Alberto Campo Baeza rejeita o rótulo de minimalista, vive sem carro, telemóvel e televisão e prefere livros de poesia aos de arquitectura

O arquitecto espanhol Alberto Campo Baeza explicou anteontem à noite a um público que enchia por completo a Sala 2 da Casa da Música que a arquitectura é uma arte "tão precisa como a poesia". Reconhecidamente um dos mais importantes arquitectos espanhóis da actualidade, Campo Baeza é uma personagem algo peculiar no círculo dos grandes arquitectos internacionais: não só por persistir em manter um escritório pequeno, com apenas três colaboradores, mas também pela sua opção de viver no terceiro milénio sem carro, televisão ou telemóvel.

Garante ainda a breve nota biográfica enviada pelo seu atelier que a biblioteca pessoal de Campo Baeza tem mais livros de poesia do que de arquitectura. De facto, ao longo desta conferência, integrada num programa co-organizado pela Secção Regional Norte da Ordem dos Arquitectos e pela Faculdade de Arquitectura da Universidade do Porto, o orador evocou provavelmente mais poetas - incluindo Camões e Sophia - do que arquitectos. E também citou uma mão-cheia de pensadores, de Platão, com a sua máxima de que "o belo é o esplendor da verdade", à filósofa espanhola Maria Zambrano.

Assumidamente devedor, tal como Souto de Moura - seu "amigo de há muito anos" -, de Mies van der Rohe, Campo Baeza confessou ficar com os cabelos em pé sempre que lhe colam o rótulo de minimalista (e fazem-no com frequência), mas admitiu integrar essa família de arquitectos que, como notou Nuno Grande ao apresentá-lo, apostam "num mínimo de elementos e meios para obter o máximo efeito".

A noção principal que Baeza quis transmitir à plateia foi a de que a arquitectura se faz com ideias, mas que essas ideias têm de poder ser construídas e de se traduzir em obras que permaneçam no tempo. Muito crítico da arquitectura que hoje "enche os meios de comunicação social", acrescenta que "uma ideia não é a primeira coisa que nos passa pela cabeça" e lamenta que as revistas de arquitectura estejam "cheias de coisas simpáticas, peculiares, provocatórias, mas que não são ideias para ser construídas, nem respondem às inúmeras questões que a arquitectura hoje coloca".

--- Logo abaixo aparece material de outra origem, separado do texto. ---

Lemma bidiffZ k T a b : bidiff act (k *: T) a b = k *: bidiff act T a b.
Proof.
rewrite /bidiff scaler_sumr; apply: eq_bigr => p _.
by rewrite scaler_sumr; apply: eq_bigr => q _; rewrite mxE scalerA.
Qed.

Lemma bidiff0 a b : bidiff act 0 a b = 0.
Proof. by rewrite -(scale0r (0 : 'M[K]_m)) bidiffZ scale0r. Qed.

Lemma bidiffN T a b : bidiff act (- T) a b = - bidiff act T a b.
Proof. by rewrite -scaleN1r bidiffZ scaleN1r. Qed.

Lemma bidiff_sum a b I (r : seq I) (P : pred I) (F : I -> 'M[K]_m) :
  bidiff act (\sum_(i <- r | P i) F i) a b = \sum_(i <- r | P i) bidiff act (F i) a b.
Proof.
exact: (big_morph (fun T => bidiff act T a b) (fun T S => bidiffD T S a b) (bidiff0 a b)).
Qed.

End BidiffLinear.

Section Action.
Variables (K : fieldType) (m : nat) (A : comAlgType K).
Variables (br : 'rV[K]_m -> 'rV[K]_m -> 'rV[K]_m) (act : 'rV[K]_m -> A -> A).
Hypothesis actP : is_action br act.

Lemma actDl u v a : act (u + v) a = act u a + act v a.
Proof. by have [actZDl _] := actP; rewrite -[u]scale1r actZDl !scale1r. Qed.

Lemma act0l a : act 0 a = 0.
Proof. by apply/(addrI (act 0 a)); rewrite -actDl !addr0. Qed.

Lemma actZl k u a : act (k *: u) a = k *: act u a.
Proof. by have [actZDl _] := actP; rewrite -[k *: u]addr0 actZDl act0l addr0. Qed.

Lemma act_suml a I (r : seq I) (P : pred I) (F : I -> 'rV[K]_m) :
  act (\sum_(i <- r | P i) F i) a = \sum_(i <- r | P i) act (F i) a.
Proof. exact: (big_morph (act^~ a) (fun u v => actDl u v a) (act0l a)). Qed.

Lemma actDr x a b : act x (a + b) = act x a + act x b.
Proof. by have [_ [actZDr _]] := actP; rewrite -[a]scale1r actZDr !scale1r. Qed.

Lemma act0r x : act x 0 = 0.
Proof. by apply/(addrI (act x 0)); rewrite -actDr !addr0. Qed.

Lemma actZr x k a : act x (k *: a) = k *: act x a.
Proof. by have [_ [actZDr _]] := actP; rewrite -[k *: a]addr0 actZDr act0r addr0. Qed.

Lemma actNr x a : act x (- a) = - act x a.
Proof. by rewrite -scaleN1r actZr scaleN1r. Qed.

Lemma act_sumr x I (r : seq I) (P : pred I) (F : I -> A) :
  act x (\sum_(i <- r | P i) F i) = \sum_(i <- r | P i) act x (F i).
Proof. exact: (big_morph (act x) (actDr x) (act0r x)). Qed.

Lemma actM x a b : act x (a * b) = act x a * b + a * act x b.
Proof. by have [_ [_ []]] := actP. Qed.

Lemma act_br x y a : act (br x y) a = act x (act y a) - act y (act x a).
Proof. by have [_ [_ [_]]] := actP. Qed.

Lemma act_rowE u a : act u a = \sum_(p < m) u 0 p *: act (bvec p) a.
Proof.
by rewrite {1}[u]row_sum_delta act_suml; apply: eq_bigr => p _; rewrite actZl.
Qed.

Lemma bidiff_tens u v a b : bidiff act (tens u v) a b = act u a * act v b.
Proof.
rewrite (act_rowE u) (act_rowE v) mulr_suml; apply: eq_bigr => p _.
rewrite mulr_sumr; apply: eq_bigr => q _.
by rewrite /tens !mxE big_ord1 !mxE -scalerAl -scalerAr scalerA.
Qed.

Nas várias obras suas que depois comentou, insistiu sempre na intenção central subjacente a cada uma delas, mais do que nos recursos de que se serviu para dar corpo a essa ideia prévia. Um dos projectos mais fascinantes que apresentou foi o do Museu da Memória da Andaluzia, em Granada, onde já tinha desenhado, em 2001, a sede da Caja de Granada, com o seu pátio elíptico a céu aberto, que, apesar da sua configuração modernista, reproduz exactamente as dimensões do pátio desenhado pelo arquitecto seiscentista espanhol Pedro Machuca para o Palácio de Carlos V, na colina de Alhambra. A ideia de Campo Baeza para o novo edifício foi de o pôr a dialogar com a Caja de Granada, criando assim, entre ambos, um novo pedaço de cidade. E fê-lo de uma forma tão simples como genial. Não só colocou o museu alinhado com o banco, como o fez com a mesma altura e a mesma largura. O resultado é que o novo museu parece uma delgada fatia que alguém cortou ao edifício do banco.